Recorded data

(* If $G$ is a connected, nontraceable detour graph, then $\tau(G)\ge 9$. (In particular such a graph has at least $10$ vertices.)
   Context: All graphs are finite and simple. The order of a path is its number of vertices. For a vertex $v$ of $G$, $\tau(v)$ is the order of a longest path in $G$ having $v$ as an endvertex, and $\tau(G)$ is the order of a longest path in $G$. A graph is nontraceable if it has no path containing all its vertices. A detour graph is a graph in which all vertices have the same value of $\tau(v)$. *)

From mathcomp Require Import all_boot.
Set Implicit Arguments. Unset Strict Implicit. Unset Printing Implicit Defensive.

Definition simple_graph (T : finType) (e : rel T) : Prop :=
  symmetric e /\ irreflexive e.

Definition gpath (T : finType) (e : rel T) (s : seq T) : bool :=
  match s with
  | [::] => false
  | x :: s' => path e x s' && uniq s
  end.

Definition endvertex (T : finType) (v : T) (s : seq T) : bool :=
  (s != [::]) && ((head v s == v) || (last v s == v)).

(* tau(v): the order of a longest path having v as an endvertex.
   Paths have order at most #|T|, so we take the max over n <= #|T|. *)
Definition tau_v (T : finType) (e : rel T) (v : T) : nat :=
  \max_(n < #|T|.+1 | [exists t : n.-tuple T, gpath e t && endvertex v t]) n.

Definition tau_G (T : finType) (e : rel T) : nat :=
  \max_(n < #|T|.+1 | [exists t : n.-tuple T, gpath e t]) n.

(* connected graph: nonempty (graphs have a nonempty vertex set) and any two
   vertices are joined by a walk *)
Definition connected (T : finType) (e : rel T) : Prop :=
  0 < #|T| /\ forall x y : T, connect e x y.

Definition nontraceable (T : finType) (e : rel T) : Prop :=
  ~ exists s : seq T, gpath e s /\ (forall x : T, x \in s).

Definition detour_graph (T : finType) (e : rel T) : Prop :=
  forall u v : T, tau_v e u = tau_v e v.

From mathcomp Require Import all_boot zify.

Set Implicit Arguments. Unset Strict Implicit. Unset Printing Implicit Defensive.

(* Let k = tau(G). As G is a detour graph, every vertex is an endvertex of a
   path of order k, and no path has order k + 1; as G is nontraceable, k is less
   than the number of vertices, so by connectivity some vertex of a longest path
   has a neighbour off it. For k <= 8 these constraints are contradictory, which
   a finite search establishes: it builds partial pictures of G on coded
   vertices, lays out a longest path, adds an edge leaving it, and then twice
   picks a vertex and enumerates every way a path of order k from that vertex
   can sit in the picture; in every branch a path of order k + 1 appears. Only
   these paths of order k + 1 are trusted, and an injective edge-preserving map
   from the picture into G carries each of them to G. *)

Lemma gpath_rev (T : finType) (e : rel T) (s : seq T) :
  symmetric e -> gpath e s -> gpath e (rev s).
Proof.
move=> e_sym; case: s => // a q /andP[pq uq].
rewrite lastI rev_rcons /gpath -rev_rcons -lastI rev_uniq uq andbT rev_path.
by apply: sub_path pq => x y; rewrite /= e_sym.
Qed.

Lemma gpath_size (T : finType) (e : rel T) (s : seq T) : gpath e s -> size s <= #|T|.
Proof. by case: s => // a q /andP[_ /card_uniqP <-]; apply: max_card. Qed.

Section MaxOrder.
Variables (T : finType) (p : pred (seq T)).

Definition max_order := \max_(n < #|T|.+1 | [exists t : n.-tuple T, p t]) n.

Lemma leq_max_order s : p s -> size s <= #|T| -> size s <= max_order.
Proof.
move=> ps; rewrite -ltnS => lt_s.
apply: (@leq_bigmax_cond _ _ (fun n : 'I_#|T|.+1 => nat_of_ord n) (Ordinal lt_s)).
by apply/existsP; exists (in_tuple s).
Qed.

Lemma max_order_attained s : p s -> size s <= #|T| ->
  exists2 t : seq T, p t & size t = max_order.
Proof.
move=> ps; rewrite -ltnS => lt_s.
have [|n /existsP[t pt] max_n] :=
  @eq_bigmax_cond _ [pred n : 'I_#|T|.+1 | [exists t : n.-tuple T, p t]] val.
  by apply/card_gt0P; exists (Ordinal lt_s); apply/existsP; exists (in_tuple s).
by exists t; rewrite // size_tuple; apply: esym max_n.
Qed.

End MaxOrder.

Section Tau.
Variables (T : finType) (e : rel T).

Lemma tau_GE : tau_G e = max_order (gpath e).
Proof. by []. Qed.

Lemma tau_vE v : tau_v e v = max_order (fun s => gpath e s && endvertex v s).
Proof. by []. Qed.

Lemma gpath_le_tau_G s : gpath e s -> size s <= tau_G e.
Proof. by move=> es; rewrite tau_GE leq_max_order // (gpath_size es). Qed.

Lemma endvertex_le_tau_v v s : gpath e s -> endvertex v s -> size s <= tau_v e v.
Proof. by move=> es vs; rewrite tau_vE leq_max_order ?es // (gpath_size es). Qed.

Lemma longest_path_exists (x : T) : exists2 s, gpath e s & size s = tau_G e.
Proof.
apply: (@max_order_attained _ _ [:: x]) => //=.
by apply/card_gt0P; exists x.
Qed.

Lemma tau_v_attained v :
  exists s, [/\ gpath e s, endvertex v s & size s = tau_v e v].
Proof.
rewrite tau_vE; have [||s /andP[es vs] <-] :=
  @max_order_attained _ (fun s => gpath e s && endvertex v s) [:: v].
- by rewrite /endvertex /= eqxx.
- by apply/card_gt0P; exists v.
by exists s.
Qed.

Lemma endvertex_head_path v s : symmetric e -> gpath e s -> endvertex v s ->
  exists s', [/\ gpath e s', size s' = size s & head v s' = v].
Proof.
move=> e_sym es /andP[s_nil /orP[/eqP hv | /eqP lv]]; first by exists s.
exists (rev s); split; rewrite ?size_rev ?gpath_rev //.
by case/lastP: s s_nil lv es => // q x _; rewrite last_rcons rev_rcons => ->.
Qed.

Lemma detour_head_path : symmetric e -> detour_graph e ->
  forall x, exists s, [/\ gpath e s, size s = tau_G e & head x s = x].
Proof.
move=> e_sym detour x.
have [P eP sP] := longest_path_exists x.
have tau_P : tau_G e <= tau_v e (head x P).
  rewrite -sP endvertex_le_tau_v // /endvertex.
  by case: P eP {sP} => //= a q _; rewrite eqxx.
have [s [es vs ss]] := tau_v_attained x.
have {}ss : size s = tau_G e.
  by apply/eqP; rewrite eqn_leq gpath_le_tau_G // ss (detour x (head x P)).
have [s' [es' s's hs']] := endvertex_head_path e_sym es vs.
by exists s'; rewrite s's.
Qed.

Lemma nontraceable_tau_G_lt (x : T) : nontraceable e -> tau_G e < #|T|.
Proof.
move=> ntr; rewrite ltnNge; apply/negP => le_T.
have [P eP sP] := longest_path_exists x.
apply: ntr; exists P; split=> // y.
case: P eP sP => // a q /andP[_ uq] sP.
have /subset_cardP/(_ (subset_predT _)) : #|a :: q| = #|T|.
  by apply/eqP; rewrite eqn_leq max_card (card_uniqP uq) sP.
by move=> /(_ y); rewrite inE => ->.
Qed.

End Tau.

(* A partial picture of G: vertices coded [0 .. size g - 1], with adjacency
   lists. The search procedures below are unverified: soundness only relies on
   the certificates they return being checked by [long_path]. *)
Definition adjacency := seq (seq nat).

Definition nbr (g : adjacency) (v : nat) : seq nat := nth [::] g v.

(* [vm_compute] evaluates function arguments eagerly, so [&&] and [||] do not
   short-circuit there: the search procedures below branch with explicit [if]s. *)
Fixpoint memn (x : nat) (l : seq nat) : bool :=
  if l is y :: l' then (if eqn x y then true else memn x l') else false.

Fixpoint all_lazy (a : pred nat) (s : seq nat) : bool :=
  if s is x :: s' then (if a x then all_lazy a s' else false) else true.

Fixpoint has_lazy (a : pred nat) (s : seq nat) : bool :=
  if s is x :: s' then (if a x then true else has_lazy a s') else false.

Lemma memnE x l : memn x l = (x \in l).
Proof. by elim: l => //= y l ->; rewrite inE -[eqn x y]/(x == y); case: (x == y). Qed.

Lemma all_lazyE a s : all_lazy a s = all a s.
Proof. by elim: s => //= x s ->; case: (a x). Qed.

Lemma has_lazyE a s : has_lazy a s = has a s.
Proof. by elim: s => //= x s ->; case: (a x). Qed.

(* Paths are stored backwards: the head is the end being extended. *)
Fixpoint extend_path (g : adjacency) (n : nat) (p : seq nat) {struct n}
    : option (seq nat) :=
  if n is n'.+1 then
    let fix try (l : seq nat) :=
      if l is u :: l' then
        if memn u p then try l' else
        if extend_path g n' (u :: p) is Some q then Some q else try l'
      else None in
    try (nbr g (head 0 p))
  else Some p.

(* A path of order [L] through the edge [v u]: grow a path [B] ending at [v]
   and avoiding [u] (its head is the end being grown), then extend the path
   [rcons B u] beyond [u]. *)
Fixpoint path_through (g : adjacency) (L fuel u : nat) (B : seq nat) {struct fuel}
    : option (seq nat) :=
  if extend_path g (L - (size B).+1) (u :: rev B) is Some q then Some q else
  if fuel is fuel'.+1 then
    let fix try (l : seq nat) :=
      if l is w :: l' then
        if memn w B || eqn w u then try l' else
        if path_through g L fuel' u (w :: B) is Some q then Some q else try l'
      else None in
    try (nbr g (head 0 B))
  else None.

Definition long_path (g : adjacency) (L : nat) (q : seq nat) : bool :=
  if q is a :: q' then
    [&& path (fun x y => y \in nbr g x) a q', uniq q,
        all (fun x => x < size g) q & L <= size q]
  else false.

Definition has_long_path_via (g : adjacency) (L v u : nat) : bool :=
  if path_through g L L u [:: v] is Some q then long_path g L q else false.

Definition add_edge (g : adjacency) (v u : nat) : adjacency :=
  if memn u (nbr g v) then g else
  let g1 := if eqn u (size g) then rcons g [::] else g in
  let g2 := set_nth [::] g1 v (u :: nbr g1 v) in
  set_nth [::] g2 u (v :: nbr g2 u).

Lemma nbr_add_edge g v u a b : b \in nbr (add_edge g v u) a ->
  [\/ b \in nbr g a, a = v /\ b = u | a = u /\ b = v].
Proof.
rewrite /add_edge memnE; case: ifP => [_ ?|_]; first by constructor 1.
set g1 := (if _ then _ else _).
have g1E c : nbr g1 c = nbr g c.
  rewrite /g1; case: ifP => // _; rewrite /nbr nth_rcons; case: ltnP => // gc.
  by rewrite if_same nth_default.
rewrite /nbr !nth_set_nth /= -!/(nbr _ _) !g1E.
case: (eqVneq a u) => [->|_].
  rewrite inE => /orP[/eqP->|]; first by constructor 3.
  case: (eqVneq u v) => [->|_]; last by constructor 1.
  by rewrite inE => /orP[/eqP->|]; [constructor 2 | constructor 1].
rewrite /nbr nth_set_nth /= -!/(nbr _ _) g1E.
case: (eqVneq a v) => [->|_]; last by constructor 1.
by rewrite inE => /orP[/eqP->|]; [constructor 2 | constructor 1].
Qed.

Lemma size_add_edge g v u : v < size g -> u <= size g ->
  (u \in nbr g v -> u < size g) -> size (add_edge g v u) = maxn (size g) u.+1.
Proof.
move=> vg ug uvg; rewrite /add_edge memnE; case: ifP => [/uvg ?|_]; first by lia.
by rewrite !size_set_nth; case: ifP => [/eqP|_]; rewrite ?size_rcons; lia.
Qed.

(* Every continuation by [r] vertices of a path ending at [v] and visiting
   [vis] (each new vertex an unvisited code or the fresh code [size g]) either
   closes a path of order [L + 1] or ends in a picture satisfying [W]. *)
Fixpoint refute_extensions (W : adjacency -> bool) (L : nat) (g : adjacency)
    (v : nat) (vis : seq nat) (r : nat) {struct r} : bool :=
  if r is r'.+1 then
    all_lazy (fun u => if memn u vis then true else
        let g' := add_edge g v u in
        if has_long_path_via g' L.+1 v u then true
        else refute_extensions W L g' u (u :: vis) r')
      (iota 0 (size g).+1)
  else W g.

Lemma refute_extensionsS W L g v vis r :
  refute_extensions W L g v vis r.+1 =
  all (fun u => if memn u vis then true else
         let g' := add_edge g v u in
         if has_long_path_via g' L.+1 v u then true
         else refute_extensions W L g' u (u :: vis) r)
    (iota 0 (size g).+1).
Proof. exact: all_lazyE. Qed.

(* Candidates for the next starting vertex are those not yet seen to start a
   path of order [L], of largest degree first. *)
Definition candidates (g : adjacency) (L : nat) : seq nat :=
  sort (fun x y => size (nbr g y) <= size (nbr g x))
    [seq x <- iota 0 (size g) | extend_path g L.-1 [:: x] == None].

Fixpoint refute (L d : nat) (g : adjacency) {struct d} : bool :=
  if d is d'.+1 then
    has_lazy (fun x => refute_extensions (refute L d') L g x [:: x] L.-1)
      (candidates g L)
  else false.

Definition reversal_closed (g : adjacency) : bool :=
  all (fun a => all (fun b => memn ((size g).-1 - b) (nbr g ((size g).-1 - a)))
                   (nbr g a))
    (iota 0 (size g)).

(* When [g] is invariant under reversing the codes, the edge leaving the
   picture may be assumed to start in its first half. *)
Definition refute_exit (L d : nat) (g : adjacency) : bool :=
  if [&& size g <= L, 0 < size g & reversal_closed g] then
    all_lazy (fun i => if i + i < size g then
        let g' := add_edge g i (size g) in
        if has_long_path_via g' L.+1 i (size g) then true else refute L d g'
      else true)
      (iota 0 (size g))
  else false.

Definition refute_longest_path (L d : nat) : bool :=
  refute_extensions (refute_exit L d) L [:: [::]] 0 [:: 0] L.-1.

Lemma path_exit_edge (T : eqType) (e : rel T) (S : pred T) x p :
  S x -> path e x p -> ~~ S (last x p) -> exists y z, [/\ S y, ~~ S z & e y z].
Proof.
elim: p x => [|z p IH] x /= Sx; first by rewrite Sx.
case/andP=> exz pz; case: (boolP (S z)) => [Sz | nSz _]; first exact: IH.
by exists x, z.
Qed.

**Exercise directions**
Each line above from the one with "refute_extensions W L g v" up to and including the one with "(candidates g L)" must be set down exactly, and no line outside that span may appear.

**Response area**
  refute_extensions W L g v vis r.+1 =
  all (fun u => if memn u vis then true else
         let g' := add_edge g v u in
         if has_long_path_via g' L.+1 v u then true
         else refute_extensions W L g' u (u :: vis) r)
    (iota 0 (size g).+1).
Proof. exact: all_lazyE. Qed.

(* Candidates for the next starting vertex are those not yet seen to start a
   path of order [L], of largest degree first. *)
Definition candidates (g : adjacency) (L : nat) : seq nat :=
  sort (fun x y => size (nbr g y) <= size (nbr g x))
    [seq x <- iota 0 (size g) | extend_path g L.-1 [:: x] == None].

Fixpoint refute (L d : nat) (g : adjacency) {struct d} : bool :=
  if d is d'.+1 then
    has_lazy (fun x => refute_extensions (refute L d') L g x [:: x] L.-1)
      (candidates g L)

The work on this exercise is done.